TASK DIRECTIONS:
Find how many lines of the following entries contain "measurableType". Reply with the number alone.
- - -
(* (i) For every $K\ge 2$ and evenly spaced $z_1<\dots<z_K$, the set of CDRL statistics $\{s_{z_k,z_{k+1}}:k=1,\dots,K-1\}$, where $s_{z_k,z_{k+1}}(\mu)=\mathbb{E}_{Z\sim\mu}[h_{z_k,z_{k+1}}(Z)]$, is not Bellman closed. (ii) For every $K\ge1$, the set of QDRL statistics $\{\mu\mapsto F_\mu^{-1}(\tau_k): k=1,\dots,K\}$ with $\tau_k=\frac{2k-1}{2K}$ is not Bellman closed.
   Context: For $a<b$, $h_{a,b}:\mathbb{R}\to\mathbb{R}$ is the piecewise linear function with $h_{a,b}(x)=1$ for $x\le a$, $h_{a,b}(x)=0$ for $x\ge b$, and $h_{a,b}(x)=(b-x)/(b-a)$ for $x\in[a,b]$. For a distribution $\mu$ with CDF $F_\mu$, $F_\mu^{-1}(\tau)=\inf\{z\in\mathbb{R}:F_\mu(z)\ge\tau\}$. MDP setting: finite state space $\mathcal X$, finite action space $\mathcal A$, transition kernel $p$, discount $\gamma\in[0,1)$, reward distributions $\mathcal R(\cdot\mid x,a)$; policy $\pi:\mathcal X\to\mathscr P(\mathcal A)$; given $X_0=x,A_0=a$, $R_t\sim\mathcal R(\cdot\mid X_t,A_t)$, $X_{t+1}\sim p(\cdot\mid X_t,A_t)$, $A_{t+1}\sim\pi(\cdot\mid X_{t+1})$; $\eta^\pi(x,a)$ is the law of $\sum_t\gamma^tR_t$. Bellman closedness: a finite set of statistics $\{s_1,\dots,s_K\}$ is Bellman closed if for each $\gamma\in[0,1)$ there is a single map $G_\gamma$ such that for every MDP with discount $\gamma$, every policy $\pi$ and every $(x,a)$, $s_{1:K}(\eta^\pi(x,a))=G_\gamma\big(\mathrm{Law}(R_0,s_{1:K}(\eta^\pi(X_1,A_1))\mid X_0=x,A_0=a)\big)$. *)

From HB Require Import structures.
From mathcomp Require Import all_boot all_order all_algebra.
From mathcomp Require Import all_classical all_reals all_analysis.
Set Implicit Arguments. Unset Strict Implicit. Unset Printing Implicit Defensive.
Import Order.TTheory GRing.Theory Num.Theory numFieldNormedType.Exports.
Local Open Scope ring_scope.
Local Open Scope classical_set_scope.

Section Defs.
Variable R : realType.

Definition hfun (a b x : R) : R :=
  if x <= a then 1 else if b <= x then 0 else (b - x) / (b - a).

Definition cdrl_stat (a b : R) (mu : probability R R) : R :=
  fine (\int[mu]_z (hfun a b z)%:E)%E.

Definition cdf (mu : probability R R) (z : R) : R := fine (mu `]-oo, z]).
Definition quantile_stat (tau : R) (mu : probability R R) : R :=
  inf [set z : R | tau <= cdf mu z].

Definition is_kernel (X A : finType) (p : X -> A -> X -> R) : Prop :=
  (forall x a y, 0 <= p x a y) /\ (forall x a, \sum_(y : X) p x a y = 1).

Definition is_policy (X A : finType) (pi : X -> A -> R) : Prop :=
  (forall x a, 0 <= pi x a) /\ (forall x, \sum_(a : A) pi x a = 1).

(* (X_t, A_t, R_t)_t on (Omega, P) is the MDP trajectory started at
   X_0 = x0, A_0 = a0: its finite-dimensional distributions are the ones
   given by R_t ~ Rw(.|X_t,A_t), X_{t+1} ~ p(.|X_t,A_t),
   A_{t+1} ~ pi(.|X_{t+1}) (conditionally independently). *)
Definition is_trajectory (X A : finType) (p : X -> A -> X -> R)
  (rw : X -> A -> probability R R) (pi : X -> A -> R) (x0 : X) (a0 : A)
  (d : measure_display) (Omega : measurableType d) (P : probability Omega R)
  (Xs : nat -> Omega -> X) (As : nat -> Omega -> A) (Rs : nat -> Omega -> R)
  : Prop :=
  [/\ (forall t x, measurable (Xs t @^-1` [set x])),
      (forall t a, measurable (As t @^-1` [set a])),
      (forall t, measurable_fun setT (Rs t)) &
      forall (n : nat) (xs : nat -> X) (as_ : nat -> A) (Bs : nat -> set R),
        (forall t, measurable (Bs t)) ->
        fine (P [set w | forall t, (t <= n)%N ->
                   [/\ Xs t w = xs t, As t w = as_ t & Bs t (Rs t w)]]) =
        (if (xs 0%N == x0) && (as_ 0%N == a0) then 1 else 0) *
        (\prod_(t < n.+1) fine (rw (xs t) (as_ t) (Bs t))) *
        (\prod_(t < n) (p (xs t) (as_ t) (xs t.+1) * pi (xs t.+1) (as_ t.+1)))].

Definition disc_partial (Omega : Type) (gamma : R) (Rs : nat -> Omega -> R)
  (w : Omega) : nat -> R := series (fun t => gamma ^+ t * Rs t w).

Definition is_return_dist (X A : finType) (gamma : R) (p : X -> A -> X -> R)
  (rw : X -> A -> probability R R) (pi : X -> A -> R)
  (eta : X -> A -> probability R R) : Prop :=
  forall x a, exists (d : measure_display) (Omega : measurableType d)
    (P : probability Omega R) (Xs : nat -> Omega -> X) (As : nat -> Omega -> A)
    (Rs : nat -> Omega -> R),
    [/\ is_trajectory p rw pi x a P Xs As Rs,
        (forall w, cvgn (disc_partial gamma Rs w)) &
        forall B : set R, measurable B ->
          eta x a B = P [set w | B (limn (disc_partial gamma Rs w))]].

(* Law(R_0, s_{1:m}(eta(X_1,A_1))) as a set function on R x R^m.  Since the
   second component takes finitely many values, the law is determined by its
   values on sets all of whose sections are Borel; it is set to 0 elsewhere. *)
Definition joint_law (X A : finType) (m : nat)
  (s : 'I_m -> probability R R -> R) (eta : X -> A -> probability R R)
  (d : measure_display) (Omega : measurableType d) (P : probability Omega R)
  (Xs : nat -> Omega -> X) (As : nat -> Omega -> A) (Rs : nat -> Omega -> R)
  : set (R * ('I_m -> R)) -> \bar R :=
  fun E => if `[< forall v, measurable [set r | E (r, v)] >] then
     P [set w | E (Rs 0%N w, fun k => s k (eta (Xs 1%N w) (As 1%N w)))]
   else 0%E.

Definition bellman_closed (m : nat) (s : 'I_m -> probability R R -> R) : Prop :=
  forall gamma : R, 0 <= gamma < 1 ->
  exists G : (set (R * ('I_m -> R)) -> \bar R) -> ('I_m -> R),
  forall (X A : finType) (p : X -> A -> X -> R)
    (rw : X -> A -> probability R R) (pi : X -> A -> R)
    (eta : X -> A -> probability R R),
    is_kernel p -> is_policy pi -> is_return_dist gamma p rw pi eta ->
    forall (x : X) (a : A) (d : measure_display) (Omega : measurableType d)
      (P : probability Omega R) (Xs : nat -> Omega -> X)
      (As : nat -> Omega -> A) (Rs : nat -> Omega -> R),
      is_trajectory p rw pi x a P Xs As Rs ->
      (fun k => s k (eta x a)) = G (joint_law s eta P Xs As Rs).

End Defs.

From Pilot Require Import Defs.
From HB Require Import structures.
From mathcomp Require Import all_boot all_order all_algebra.
From mathcomp Require Import all_classical all_reals all_analysis.
From mathcomp Require Import measurable_realfun.
From mathcomp Require Import ring lra zify.
Import Order.TTheory GRing.Theory Num.Theory numFieldNormedType.Exports.
Set Implicit Arguments.
Unset Strict Implicit.
Unset Printing Implicit Defensive.
Local Open Scope ring_scope.
Local Open Scope classical_set_scope.

(* A Bellman map has to give the same statistics at the start state to any
   two MDPs with the same joint law of (R_0, s(eta(X_1, A_1))).  In the MDP
   below the start state [sx] has reward 0 and moves to [sy] with probability
   w, where the reward law is p \d_a1 + (1 - p) \d_a2, or to [sz], where the
   reward is b; afterwards a reward-free absorbing state is reached.  The
   joint law sees (a1, a2) only through the statistics of the reward law at
   [sy], whereas the return law at [sx] is
   w (p \d_(g a1) + (1 - p) \d_(g a2)) + (1 - w) \d_(g b).
   With g = 1/2, the CDRL statistics are refuted by the deterministic rewards
   z_K and 2 z_K + 2 at [sy], both at or above the top grid point, of which
   discounting brings only the first below it (mirrored at z_1 when
   z_K <= 0).  The quantile statistics are refuted by w = p = 1 - 1/(2K),
   a1 = 0, a2 in {1, 2} and b = 3: all levels are at most p, so every
   quantile at [sy] is 0, while the top quantile at [sx] is a2 / 2. *)

Section iverson.
Variable R : realType.

Definition iverson (Q : Prop) : R := (`[< Q >])%:R.

Lemma iversonT (Q : Prop) : Q -> iverson Q = 1.
Proof. by move=> q; rewrite /iverson asboolT. Qed.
- - -
RESULT FOR THIS EXERCISE:
4